<<<<
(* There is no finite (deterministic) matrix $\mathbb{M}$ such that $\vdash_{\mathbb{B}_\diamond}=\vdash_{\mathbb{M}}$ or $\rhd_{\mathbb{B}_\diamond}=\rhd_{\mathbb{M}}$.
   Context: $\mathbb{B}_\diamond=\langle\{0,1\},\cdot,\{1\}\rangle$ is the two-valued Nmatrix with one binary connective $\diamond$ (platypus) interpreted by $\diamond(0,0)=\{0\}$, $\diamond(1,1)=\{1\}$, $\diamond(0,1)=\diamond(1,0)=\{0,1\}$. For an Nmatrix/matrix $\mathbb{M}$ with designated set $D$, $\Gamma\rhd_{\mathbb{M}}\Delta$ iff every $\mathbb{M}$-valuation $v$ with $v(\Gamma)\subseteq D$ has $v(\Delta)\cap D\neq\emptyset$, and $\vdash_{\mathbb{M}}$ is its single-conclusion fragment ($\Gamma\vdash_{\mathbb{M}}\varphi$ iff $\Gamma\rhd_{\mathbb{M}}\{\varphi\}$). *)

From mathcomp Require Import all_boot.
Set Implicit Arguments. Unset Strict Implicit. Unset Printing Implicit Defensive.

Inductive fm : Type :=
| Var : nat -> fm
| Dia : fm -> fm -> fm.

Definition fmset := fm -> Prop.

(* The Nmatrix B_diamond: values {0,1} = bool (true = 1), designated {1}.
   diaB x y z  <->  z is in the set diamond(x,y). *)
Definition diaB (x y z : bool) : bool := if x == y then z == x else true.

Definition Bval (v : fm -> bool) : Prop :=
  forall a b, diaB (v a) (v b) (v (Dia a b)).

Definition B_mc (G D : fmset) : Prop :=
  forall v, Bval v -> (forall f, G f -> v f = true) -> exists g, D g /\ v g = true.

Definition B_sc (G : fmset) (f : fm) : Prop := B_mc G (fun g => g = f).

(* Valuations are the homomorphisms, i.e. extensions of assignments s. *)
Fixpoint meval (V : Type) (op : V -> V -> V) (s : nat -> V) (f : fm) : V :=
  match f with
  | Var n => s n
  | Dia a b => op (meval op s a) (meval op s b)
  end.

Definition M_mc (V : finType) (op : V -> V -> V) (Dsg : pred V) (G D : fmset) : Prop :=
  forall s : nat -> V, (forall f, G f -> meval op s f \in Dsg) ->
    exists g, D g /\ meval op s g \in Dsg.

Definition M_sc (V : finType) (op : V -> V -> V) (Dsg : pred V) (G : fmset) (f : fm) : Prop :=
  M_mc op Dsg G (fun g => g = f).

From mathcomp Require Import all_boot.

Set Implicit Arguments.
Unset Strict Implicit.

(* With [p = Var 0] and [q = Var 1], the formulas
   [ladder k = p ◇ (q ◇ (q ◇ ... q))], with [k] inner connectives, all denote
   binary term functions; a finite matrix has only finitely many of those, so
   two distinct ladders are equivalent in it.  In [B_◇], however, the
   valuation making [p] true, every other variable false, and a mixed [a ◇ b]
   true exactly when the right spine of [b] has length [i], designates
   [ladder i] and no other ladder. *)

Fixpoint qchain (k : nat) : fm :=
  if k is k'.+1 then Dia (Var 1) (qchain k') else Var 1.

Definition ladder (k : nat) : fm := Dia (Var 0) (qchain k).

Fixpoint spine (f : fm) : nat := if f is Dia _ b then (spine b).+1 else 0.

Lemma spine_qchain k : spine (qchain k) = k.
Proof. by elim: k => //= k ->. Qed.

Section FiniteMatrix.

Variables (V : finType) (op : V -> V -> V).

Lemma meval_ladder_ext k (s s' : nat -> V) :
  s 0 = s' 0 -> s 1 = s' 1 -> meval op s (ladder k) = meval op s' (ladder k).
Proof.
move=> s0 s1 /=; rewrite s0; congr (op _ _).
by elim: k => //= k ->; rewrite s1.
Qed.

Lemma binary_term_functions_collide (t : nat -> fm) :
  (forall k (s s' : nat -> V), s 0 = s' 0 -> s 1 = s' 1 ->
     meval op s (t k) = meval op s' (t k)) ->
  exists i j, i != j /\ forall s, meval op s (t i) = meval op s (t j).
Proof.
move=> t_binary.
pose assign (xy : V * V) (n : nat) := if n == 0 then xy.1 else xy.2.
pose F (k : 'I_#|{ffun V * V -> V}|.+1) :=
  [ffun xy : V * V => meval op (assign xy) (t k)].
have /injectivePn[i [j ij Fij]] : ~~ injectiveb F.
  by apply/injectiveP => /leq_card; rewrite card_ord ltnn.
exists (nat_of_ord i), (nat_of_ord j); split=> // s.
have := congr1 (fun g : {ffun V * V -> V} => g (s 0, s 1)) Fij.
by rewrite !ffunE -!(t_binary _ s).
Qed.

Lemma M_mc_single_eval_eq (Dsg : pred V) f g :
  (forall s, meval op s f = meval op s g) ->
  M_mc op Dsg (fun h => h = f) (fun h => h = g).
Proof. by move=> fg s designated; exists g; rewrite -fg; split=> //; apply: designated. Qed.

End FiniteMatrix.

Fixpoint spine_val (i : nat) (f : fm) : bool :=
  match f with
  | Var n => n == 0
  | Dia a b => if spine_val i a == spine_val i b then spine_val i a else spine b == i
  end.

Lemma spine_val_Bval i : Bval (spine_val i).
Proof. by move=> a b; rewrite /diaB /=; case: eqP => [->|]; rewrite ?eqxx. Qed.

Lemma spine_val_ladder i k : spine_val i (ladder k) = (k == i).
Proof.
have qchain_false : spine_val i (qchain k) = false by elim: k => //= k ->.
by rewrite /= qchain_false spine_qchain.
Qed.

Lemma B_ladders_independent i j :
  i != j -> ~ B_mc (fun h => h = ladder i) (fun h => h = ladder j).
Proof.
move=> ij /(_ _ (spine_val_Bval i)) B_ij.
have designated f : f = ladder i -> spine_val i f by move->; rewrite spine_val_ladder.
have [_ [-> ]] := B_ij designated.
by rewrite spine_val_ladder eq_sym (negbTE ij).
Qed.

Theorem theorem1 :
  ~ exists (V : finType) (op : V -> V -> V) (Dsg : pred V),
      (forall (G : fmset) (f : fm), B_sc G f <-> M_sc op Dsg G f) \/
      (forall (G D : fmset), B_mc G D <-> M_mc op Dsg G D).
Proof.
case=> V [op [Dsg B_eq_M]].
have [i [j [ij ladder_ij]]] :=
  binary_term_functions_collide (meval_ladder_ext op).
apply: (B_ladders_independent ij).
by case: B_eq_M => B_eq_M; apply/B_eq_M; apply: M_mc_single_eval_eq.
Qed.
>>>>
* Directions for this task
Until the last line is reached, keep transcribing the data exactly.

* Result for this exercise
(* There is no finite (deterministic) matrix $\mathbb{M}$ such that $\vdash_{\mathbb{B}_\diamond}=\vdash_{\mathbb{M}}$ or $\rhd_{\mathbb{B}_\diamond}=\rhd_{\mathbb{M}}$.
   Context: $\mathbb{B}_\diamond=\langle\{0,1\},\cdot,\{1\}\rangle$ is the two-valued Nmatrix with one binary connective $\diamond$ (platypus) interpreted by $\diamond(0,0)=\{0\}$, $\diamond(1,1)=\{1\}$, $\diamond(0,1)=\diamond(1,0)=\{0,1\}$. For an Nmatrix/matrix $\mathbb{M}$ with designated set $D$, $\Gamma\rhd_{\mathbb{M}}\Delta$ iff every $\mathbb{M}$-valuation $v$ with $v(\Gamma)\subseteq D$ has $v(\Delta)\cap D\neq\emptyset$, and $\vdash_{\mathbb{M}}$ is its single-conclusion fragment ($\Gamma\vdash_{\mathbb{M}}\varphi$ iff $\Gamma\rhd_{\mathbb{M}}\{\varphi\}$). *)

From mathcomp Require Import all_boot.
Set Implicit Arguments. Unset Strict Implicit. Unset Printing Implicit Defensive.

Inductive fm : Type :=
| Var : nat -> fm
| Dia : fm -> fm -> fm.

Definition fmset := fm -> Prop.

(* The Nmatrix B_diamond: values {0,1} = bool (true = 1), designated {1}.
   diaB x y z  <->  z is in the set diamond(x,y). *)
Definition diaB (x y z : bool) : bool := if x == y then z == x else true.

Definition Bval (v : fm -> bool) : Prop :=
  forall a b, diaB (v a) (v b) (v (Dia a b)).

Definition B_mc (G D : fmset) : Prop :=
  forall v, Bval v -> (forall f, G f -> v f = true) -> exists g, D g /\ v g = true.

Definition B_sc (G : fmset) (f : fm) : Prop := B_mc G (fun g => g = f).

(* Valuations are the homomorphisms, i.e. extensions of assignments s. *)
Fixpoint meval (V : Type) (op : V -> V -> V) (s : nat -> V) (f : fm) : V :=
  match f with
  | Var n => s n
  | Dia a b => op (meval op s a) (meval op s b)
  end.

Definition M_mc (V : finType) (op : V -> V -> V) (Dsg : pred V) (G D : fmset) : Prop :=
  forall s : nat -> V, (forall f, G f -> meval op s f \in Dsg) ->
    exists g, D g /\ meval op s g \in Dsg.

Definition M_sc (V : finType) (op : V -> V -> V) (Dsg : pred V) (G : fmset) (f : fm) : Prop :=
  M_mc op Dsg G (fun g => g = f).

From mathcomp Require Import all_boot.

Set Implicit Arguments.
Unset Strict Implicit.

(* With [p = Var 0] and [q = Var 1], the formulas
   [ladder k = p ◇ (q ◇ (q ◇ ... q))], with [k] inner connectives, all denote
   binary term functions; a finite matrix has only finitely many of those, so
   two distinct ladders are equivalent in it.  In [B_◇], however, the
   valuation making [p] true, every other variable false, and a mixed [a ◇ b]
   true exactly when the right spine of [b] has length [i], designates
   [ladder i] and no other ladder. *)

Fixpoint qchain (k : nat) : fm :=
  if k is k'.+1 then Dia (Var 1) (qchain k') else Var 1.

Definition ladder (k : nat) : fm := Dia (Var 0) (qchain k).

Fixpoint spine (f : fm) : nat := if f is Dia _ b then (spine b).+1 else 0.

Lemma spine_qchain k : spine (qchain k) = k.
Proof. by elim: k => //= k ->. Qed.

Section FiniteMatrix.

Variables (V : finType) (op : V -> V -> V).

Lemma meval_ladder_ext k (s s' : nat -> V) :
  s 0 = s' 0 -> s 1 = s' 1 -> meval op s (ladder k) = meval op s' (ladder k).
Proof.
move=> s0 s1 /=; rewrite s0; congr (op _ _).
by elim: k => //= k ->; rewrite s1.
Qed.

Lemma binary_term_functions_collide (t : nat -> fm) :
  (forall k (s s' : nat -> V), s 0 = s' 0 -> s 1 = s' 1 ->
     meval op s (t k) = meval op s' (t k)) ->
  exists i j, i != j /\ forall s, meval op s (t i) = meval op s (t j).
Proof.
move=> t_binary.
pose assign (xy : V * V) (n : nat) := if n == 0 then xy.1 else xy.2.
pose F (k : 'I_#|{ffun V * V -> V}|.+1) :=
  [ffun xy : V * V => meval op (assign xy) (t k)].
have /injectivePn[i [j ij Fij]] : ~~ injectiveb F.
  by apply/injectiveP => /leq_card; rewrite card_ord ltnn.
exists (nat_of_ord i), (nat_of_ord j); split=> // s.
have := congr1 (fun g : {ffun V * V -> V} => g (s 0, s 1)) Fij.
by rewrite !ffunE -!(t_binary _ s).
Qed.

Lemma M_mc_single_eval_eq (Dsg : pred V) f g :
  (forall s, meval op s f = meval op s g) ->
  M_mc op Dsg (fun h => h = f) (fun h => h = g).
Proof. by move=> fg s designated; exists g; rewrite -fg; split=> //; apply: designated. Qed.

End FiniteMatrix.

Fixpoint spine_val (i : nat) (f : fm) : bool :=
  match f with
  | Var n => n == 0
  | Dia a b => if spine_val i a == spine_val i b then spine_val i a else spine b == i
  end.

Lemma spine_val_Bval i : Bval (spine_val i).
Proof. by move=> a b; rewrite /diaB /=; case: eqP => [->|]; rewrite ?eqxx. Qed.

Lemma spine_val_ladder i k : spine_val i (ladder k) = (k == i).
Proof.
have qchain_false : spine_val i (qchain k) = false by elim: k => //= k ->.
by rewrite /= qchain_false spine_qchain.
Qed.

Lemma B_ladders_independent i j :
  i != j -> ~ B_mc (fun h => h = ladder i) (fun h => h = ladder j).
Proof.
move=> ij /(_ _ (spine_val_Bval i)) B_ij.
have designated f : f = ladder i -> spine_val i f by move->; rewrite spine_val_ladder.
have [_ [-> ]] := B_ij designated.
by rewrite spine_val_ladder eq_sym (negbTE ij).
Qed.

Theorem theorem1 :
  ~ exists (V : finType) (op : V -> V -> V) (Dsg : pred V),
      (forall (G : fmset) (f : fm), B_sc G f <-> M_sc op Dsg G f) \/
      (forall (G D : fmset), B_mc G D <-> M_mc op Dsg G D).
Proof.
case=> V [op [Dsg B_eq_M]].
have [i [j [ij ladder_ij]]] :=
  binary_term_functions_collide (meval_ladder_ext op).
apply: (B_ladders_independent ij).
by case: B_eq_M => B_eq_M; apply/B_eq_M; apply: M_mc_single_eval_eq.
Qed.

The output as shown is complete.